Thursday 23 February 2012

How to Spot Apollo Moon Landing Sites in Telescopes


The first Apollo landing on July 20, 1969 took place in the open flats of the Mare Tranquillitatis, just north of Theophilus. This location was chosen precisely because it was so flat, as the planners of the lunar mission wanted the first landing to be as easy as possible.
Even so, Neil Armstrong realized that they were headed for a rough area and took over manual control of the lunar lander to put it down on a smoother area, almost running out of fuel in the process.
Today there are three small craters just north of the Apollo 11 landing site named for the three first Apollo astronauts. Armstrong, at 2.9 miles (4.6 km) is the largest of the three. Aldrin is 2.1 miles (3.4 km) in diameter, and Collins is only 1.5 miles (2.4 km) large.

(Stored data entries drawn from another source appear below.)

(* Let $S$ be a polygonal domain and $P\in\mathcal{F}_2[S]$. Then $P$ can be normalized to a boundary configuration by a feasible schedule within $S$ in which neither robot makes a turn, and $P$ can be normalized to a corner configuration by a feasible schedule within $S$ in which each robot makes at most one turn.
   Context: A polygonal domain is a closed region bounded by an outer simple polygon, possibly containing polygonal holes. Robots are axis-parallel unit squares: a robot at $p$ occupies $p+\boxdot$, $\boxdot=\{q:\|q\|_\infty\le1/2\}$. A configuration of two robots is a pair $(p_1,p_2)$ with $\|p_1-p_2\|_\infty\ge1$; it is in $S$ if the interior of each robot is contained in $S$; $\mathcal{F}_2[S]$ is the set of such configurations. The inner Minkowski sum is $\mathrm{inner}(S)=\{x\in S:\min_{y\in\partial S}\|y-x\|_\infty\ge 1/2\}$, where $\partial S$ is the boundary of $S$. A configuration $(p_1,p_2)\in\mathcal{F}_2[S]$ is a boundary configuration if $p_1,p_2$ both lie on the boundary of $\mathrm{inner}(S)$, and a corner configuration if both lie at vertices of $\mathrm{inner}(S)$. A trajectory over $T$ is a $1$-Lipschitz (w.r.t. $L_1$) map $m:T\to\mathbb{R}^2$ with polygonal-chain image; a turn is a point of the image where two segments of different orientations meet. A schedule $(m_1,m_2)$ is feasible within $S$ if all its configurations lie in $\mathcal{F}_2[S]$. The orderings are $\{x(p_1)\ge x(p_2)+1\}$, $\{x(p_2)\ge x(p_1)+1\}$, $\{y(p_1)\ge y(p_2)+1\}$, $\{y(p_2)\ge y(p_1)+1\}$; two configurations are commonly ordered if they lie in a common ordering. Normalizing $P$ to a boundary (resp. corner) configuration means transforming it, by a feasible schedule within $S$, into a boundary (resp. corner) configuration commonly ordered with $P$. *)

From Stdlib Require Import Reals Lra List.
Import ListNotations.
Open Scope R_scope.

Definition pt : Type := (R * R)%type.
Definition origin : pt := (0, 0).

Definition linf (p q : pt) : R :=
  Rmax (Rabs (fst p - fst q)) (Rabs (snd p - snd q)).
Definition l1 (p q : pt) : R :=
  Rabs (fst p - fst q) + Rabs (snd p - snd q).

Definition on_seg (a b x : pt) : Prop :=
  exists t, 0 <= t <= 1 /\
    x = (fst a + t * (fst b - fst a), snd a + t * (snd b - snd a)).

Definition pvert (vs : list pt) (i : nat) : pt := nth i vs origin.
Definition pedge (vs : list pt) (i : nat) (x : pt) : Prop :=
  on_seg (pvert vs i) (pvert vs (S i mod length vs)) x.

Definition poly_bd (vs : list pt) (x : pt) : Prop :=
  exists i, (i < length vs)%nat /\ pedge vs i x.

Definition simple_polygon (vs : list pt) : Prop :=
  (3 <= length vs)%nat /\ NoDup vs /\
  forall i j, (i < length vs)%nat -> (j < length vs)%nat -> i <> j ->
    (j = (S i mod length vs)%nat ->
       forall x, pedge vs i x -> pedge vs j x -> x = pvert vs j) /\
    (j <> (S i mod length vs)%nat -> i <> (S j mod length vs)%nat ->
       forall x, ~ (pedge vs i x /\ pedge vs j x)).

Fixpoint chain_avoid (C : pt -> Prop) (l : list pt) : Prop :=
  match l with
  | a :: ((b :: _) as r) => (forall z, on_seg a b z -> ~ C z) /\ chain_avoid C r
  | _ => True
  end.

These small craters are a challenge to spot using small amateur telescopes but represent a great rarity: lunar craters named after living people. In most cases, you need to be dead to have a crater named after you.

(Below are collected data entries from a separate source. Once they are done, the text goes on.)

Lemma comp_agree n (k : 'I_n) (P Q : lpauli n) bx : agree_qubit k P Q -> comp bx k P = comp bx k Q.
Proof. by case: bx => -[]. Qed.

Lemma refl_inv d : involutive (@refl d). Proof. by case. Qed.

Lemma refl_inj d : injective (@refl d). Proof. exact: inv_inj (@refl_inv d). Qed.

Lemma isZs_refl d (s : pos d) : isZs (refl s) = isXs s.
Proof. by rewrite /isZs /isXs andbC. Qed.

Lemma isXs_refl d (s : pos d) : isXs (refl s) = isZs s.
Proof. by rewrite /isZs /isXs andbC. Qed.

Lemma adj_refl d (s q : pos d) : adj (refl s) (refl q) = adj s q.
Proof. by rewrite /adj orbC. Qed.

Lemma isXs_isZs d (s : pos d) : isXs s -> isZs s = false.
Proof. by rewrite /isXs /isZs => /andP [/negbTE -> _]. Qed.

Definition xsyn d (ex : pos d -> bool) (s : pos d) : bool :=
  \big[addb/false]_q (ex q && (isZs s && adj s q)).

Definition zsyn d (ez : pos d -> bool) (s : pos d) : bool :=
  \big[addb/false]_q (ez q && (isXs s && adj s q)).

Lemma anticomm_gen d n (E : ppauli d n) i s :
  anticomm E (gen i s) = xsyn (px E i) s (+) zsyn (pz E i) s.
Proof.
rewrite /anticomm (bigD1 i) //= [X in _ (+) X]big1 => [|j /negbTE ji]; last first.
  by apply: big1 => q _ /=; rewrite ji /= !andbF.
by rewrite addbF -big_split; apply: eq_bigr => q _ /=; rewrite eqxx.
Qed.

Lemma anticomm_gen_agree d n (E F : ppauli d n) i s :
  agree_blk i E F -> anticomm E (gen i s) = anticomm F (gen i s).
Proof.
move=> EF; rewrite !anticomm_gen /xsyn /zsyn.
by congr (_ (+) _); apply: eq_bigr => q _; case: (EF q) => xq zq; rewrite ?xq ?zq.
Qed.

Definition pauli0 d n : ppauli d n := PP (fun _ _ => false) (fun _ _ => false).

Lemma anticomm0_gen d n (i : 'I_n) (s : pos d) : anticomm (pauli0 d n) (gen i s) = false.
Proof. by rewrite anticomm_gen /xsyn /zsyn !big1. Qed.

Two years later, on July 30 1971, Apollo 15 touched down in a much more mountainous area to the northwest of the Apollo 11 landing site. The Apollo 15 site was located in a small valley just west of Mount Hadley, where a rugged mountain range, called the Lunar Apennines, forms a wedge between the Mare Serenitatis and the Mare Imbrium.
A long, narrow groove meanders across this valley, the Rima Hadley, and the astronauts explored this feature on the ground. If you have a fairly large telescope, at least 8 inches aperture, and lighting conditions are just right, you can get a "bird's eye" view of this surface feature yourself.
If you explore the Apollo landing sites with a small telescope, you won’t be able to see any of the objects left behind by the astronauts, as they are all too small to be resolved by even the largest telescopes.
In fact, it's only in the last two years that we’ve been able to photograph the landing sites in detail from theLunar Reconnaissance Orbiter.